Task data:

Lemma poly_act_small_eq0 (p : {poly L}) : (size p <= d)%N -> poly_act T p m0 = 0 -> p = 0.
Proof.
move=> pd /Hker[q pqf]; apply/eqP/negPn/negP => p0.
have q0 : q != 0 by move: p0; rewrite pqf; apply: contraNneq => ->; rewrite mul0r.
by move: pd; rewrite pqf (size_Mmonic q0 Hmonic) Hsize; have := size_poly_gt0 q; rewrite q0; lia.
Qed.

Lemma m0_neq0 : m0 != 0.
Proof.
apply/eqP => m00; have := @poly_act_small_eq0 1; rewrite size_poly1 => /(_ Hd).
by rewrite /poly_act size_poly1 big_ord1 m00 scaler0 => /(_ erefl)/eqP; rewrite oner_eq0.
Qed.

(* [y0] solves [t y0 = m0]: the relation [f m0 = 0] divided by [t c_0]. *)
Definition y0 : M := - \sum_(i < d) ((f`_0)^-1 * f`_i.+1) *: iter i T m0.

Lemma T_y0 : T y0 = m0.
Proof.
have := poly_act_f; rewrite big_ord_recl /= => /eqP; rewrite addrC addr_eq0 => /eqP frel.
rewrite /y0 -scaleN1r linTZ T_sum.
under eq_bigr do rewrite linTZ -scalerA.
by rewrite -scaler_sumr frel scalerN scaleN1r opprK scalerA mulVr ?HL // scale1r.
Qed.

Lemma T_surj (x : M) : exists y, T y == x.
Proof.
have [p ->] := Hspan x.
exists (\sum_(i < size p) p`_i *: (if (i : nat) is j.+1 then iter j T m0 else y0)).
rewrite T_sum /poly_act; apply/eqP/eq_bigr => i _; rewrite linTZ.
by case: (nat_of_ord i) => [|j] //=; rewrite T_y0.
Qed.

Lemma poly_act_mulX (p : {poly L}) : poly_act T ('X * p) m0 = T (poly_act T p m0).
Proof.
have Xp : (size ('X * p)%R <= (size p).+1)%N.
  by rewrite -commr_polyX; have [->|p0] := eqVneq p 0; rewrite ?mul0r ?size_poly0 ?size_mulX.
rewrite (poly_act_widen _ Xp) big_ord_recl coefXM eqxx scale0r add0r.
by rewrite /poly_act T_sum; apply: eq_bigr => i _; rewrite coefXM /= linTZ.
Qed.

(* [t] is injective because [t p m0 = 0] with [f | X p] and [c_0 != 0] forces [f | p]. *)
Lemma T_inj : injective T.
Proof.
suff T0 y : T y = 0 -> y = 0.
  by move=> x y Txy; apply/eqP; rewrite -subr_eq0; apply/eqP/T0; rewrite linTB Txy subrr.
have [p ->] := Hspan y; rewrite -poly_act_mulX => /Hker[h Xph].
have h0 : h`_0 = 0.
  move/(congr1 (fun q : {poly L} => q`_0)): Xph.
  rewrite coefXM eqxx coefM big_ord1 /= subn0 => /esym h0f0.
  by rewrite -(mulrK (HL Hc0) h`_0) h0f0 mul0r.
set h' := \poly_(i < size h) h`_i.+1.
have hX : h = 'X * h'.
  apply/polyP => -[|j]; rewrite coefXM //= coef_poly; case: ifP => // /negbT.
  by rewrite -leqNgt => hj; rewrite nth_default // (leq_trans hj).
apply/Hker; exists h'; apply/polyP => i.
by move/(congr1 (fun q : {poly L} => q`_i.+1)): Xph; rewrite hX -mulrA !coefXM.
Qed.

Definition Tinv (x : M) : M := xchoose (T_surj x).

Lemma TinvK : cancel Tinv T.
Proof. by move=> x; apply/eqP/(xchooseP (T_surj x)). Qed.

Definition tm0 (k : int) : M :=
  match k with Posz n => iter n T m0 | Negz n => iter n.+1 Tinv m0 end.

Lemma T_tm0 (k : int) : T (tm0 k) = tm0 (k + 1).
Proof.
case: k => [n|[|n]]; first by have -> : Posz n + 1 = n.+1 by lia.
  by rewrite /= TinvK.
have -> : Negz n.+1 + 1 = Negz n by rewrite !NegzE; lia.
by rewrite /= TinvK.
Qed.

Lemma iter_tm0 (n : nat) (k : int) : iter n T (tm0 k) = tm0 (k + n%:Z).
Proof.
elim: n => [|n IHn]; first by rewrite addr0.
by rewrite iterS IHn T_tm0 -addrA -[n.+1]addn1 PoszD.
Qed.

Lemma f_relation (k : int) : \sum_(i < d.+1) f`_i *: tm0 (k + i%:Z) = 0.
Proof.
pose rel k := \sum_(i < d.+1) f`_i *: tm0 (k + i%:Z).
have relS k' : T (rel k') = rel (k' + 1).
  by rewrite T_sum; apply: eq_bigr => i _; rewrite linTZ T_tm0 addrAC.
have relP (n : nat) : rel n = 0.
  rewrite /rel; under eq_bigr => i _ do rewrite addrC -iter_tm0 -iterTZ.
  by rewrite -iterT_sum poly_act_f iterT0.
have relN (n : nat) : rel (- n%:Z) = 0.
  elim: n => [|n IHn]; first exact: (relP 0).
  by apply: T_inj; rewrite relS linT0 -[RHS]IHn; congr rel; lia.
by case: k => n; [apply: relP | rewrite NegzE; apply: relN].
Qed.

Section NewtonEdge.
Variable r : int.
Hypotheses (Hf0 : v f`_0 = - r)
  (Hedge : forall i, (i <= d)%N -> f`_i != 0 -> r * (i%:Z - d%:Z) <= d%:Z * v f`_i).

(* [height k - r] is the Newton edge from [(0, -r)] to [(d, 0)] at [k], rounded down. *)
Definition height (k : int) : int := ((k * r) %/ d)%Z.

Lemma height_diff_le (j k c : int) : r * (j - k) <= d%:Z * c -> height j - height k <= c.
Proof.
move=> jkc; rewrite /height.
have d0 : d%:Z != 0 by lia.
have := divz_eq (k * r) d; have := divz_eq (j * r) d.
have := modz_ge0 (k * r) d0; have := modz_ge0 (j * r) d0.
have := ltz_mod (k * r) d0; have := ltz_mod (j * r) d0.
rewrite /absz /=; nia.
Qed.

Lemma heightDd (k : int) : height (k + d%:Z) = height k + r.
Proof. by rewrite /height mulrDl addrC [d%:Z * r]mulrC divzMDl 1?addrC //; lia. Qed.

Lemma height_pred_le (k : int) : 0 <= r -> height (k - 1) <= height k.
Proof. by move=> r0; apply: lez_pdiv2r => //; nia. Qed.

Definition gen (k : int) : M := sigma ^ height k *: tm0 k.

Definition gens : seq M := [seq gen i%:Z | i <- iota 0 d].

Lemma size_gens : size gens = d.
Proof. by rewrite size_map size_iota. Qed.

Lemma nth_gens (j : nat) : (j < d)%N -> gens`_j = gen j.
Proof. by move=> jd; rewrite (nth_map 0%N) ?size_iota // nth_iota. Qed.

Lemma gen_combination (m : nat) (k : int) (c : 'I_m -> L) (j : 'I_m -> int) :
  tm0 k = \sum_i c i *: tm0 (j i) ->
  (forall i, c i != 0 -> 0 <= height k + v (c i) - height (j i)) ->
  (forall i, Ospan gens (gen (j i))) -> Ospan gens (gen k).
Proof.
move=> tm0k c0 genj; rewrite /gen tm0k scaler_sumr.
under eq_bigr => i _ do rewrite (scale_conj_sigma _ (height (j i))).
apply: Ospan_sum => i _; last exact: genj.
have [->|ci0] := eqVneq (c i) 0; first by rewrite mulr0 mul0r vge0r.
by apply: vge_trans (vge_conj_sigma _ _ (vge_valuation _)) _; move: (c0 i ci0); lia.
Qed.

Lemma gen_in_span_nat (n : nat) : Ospan gens (gen n).
Proof.
elim/ltn_ind: n => n IHn; have [nd|dn] := ltnP n d.
  by rewrite -nth_gens //; apply: Ospan_nth; rewrite size_gens.
have := f_relation (n%:Z - d%:Z); rewrite big_ord_recr /= coef_f_d scale1r subrK.
move/eqP; rewrite addrC addr_eq0 => /eqP tm0n.
apply: (gen_combination (c := fun i => - f`_i) (j := fun i : 'I_d => n%:Z - d%:Z + i%:Z)).
- by rewrite tm0n -sumrN; apply: eq_bigr => i _; rewrite scaleNr.
- move=> i; rewrite oppr_eq0 => fi0; rewrite valuationN //.
  suff : height (n%:Z - d%:Z + i%:Z) - height n <= v f`_i by lia.
  apply: height_diff_le; have -> : n%:Z - d%:Z + i%:Z - n%:Z = i%:Z - d%:Z by ring.
  exact: Hedge (ltnW (ltn_ord i)) fi0.
- move=> i; have -> : n%:Z - d%:Z + i%:Z = (n - d + i)%N by lia.
  by apply: IHn; have := ltn_ord i; lia.
Qed.

Lemma gen_in_span_neg (n : nat) : Ospan gens (gen (- n%:Z)).
Proof.
elim/ltn_ind: n => -[_|m IHm]; first exact: (gen_in_span_nat 0).
set k := - (m.+1)%:Z.
have := f_relation k; rewrite big_ord_recl addr0 /= => /eqP; rewrite addr_eq0 => /eqP f0k.
apply: (gen_combination (c := fun i : 'I_d => - ((f`_0)^-1 * f`_i.+1))
                        (j := fun i : 'I_d => k + i.+1%:Z)).
- rewrite -[tm0 k]scale1r -(mulVr (HL Hc0)) -scalerA f0k scalerN scaler_sumr -sumrN.
  by apply: eq_bigr => i _; rewrite scalerA scaleNr.
- move=> i; rewrite oppr_eq0 => cfi0; rewrite valuationN //.
  have fi0 : f`_i.+1 != 0 by apply: contraNneq cfi0 => ->; rewrite mulr0.
  rewrite Hv.1 ?invr_eq0 // valuationV // Hf0 opprK.
  suff : height (k + i.+1%:Z) - height k <= r + v f`_i.+1 by lia.
  apply: height_diff_le; have := Hedge (ltn_ord i) fi0.
  have -> : k + i.+1%:Z - k = i.+1%:Z by ring.
  nia.
- move=> i; rewrite /k; have [mi|im] := leqP m i.
    have -> : - (m.+1)%:Z + i.+1%:Z = (i - m)%N by lia.
    exact: gen_in_span_nat.
  have -> : - (m.+1)%:Z + i.+1%:Z = - (m - i)%N%:Z by lia.
  by apply: IHm; lia.
Qed.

What is being asked: Reproduce exactly the lines above from the line with "by apply: IHn; have := ltn_ord i; lia." to the line with "set k := - (m.+1)%:Z.", including both, and add nothing.

Output for this task:
  by apply: IHn; have := ltn_ord i; lia.
Qed.

Lemma gen_in_span_neg (n : nat) : Ospan gens (gen (- n%:Z)).
Proof.
elim/ltn_ind: n => -[_|m IHm]; first exact: (gen_in_span_nat 0).
set k := - (m.+1)%:Z.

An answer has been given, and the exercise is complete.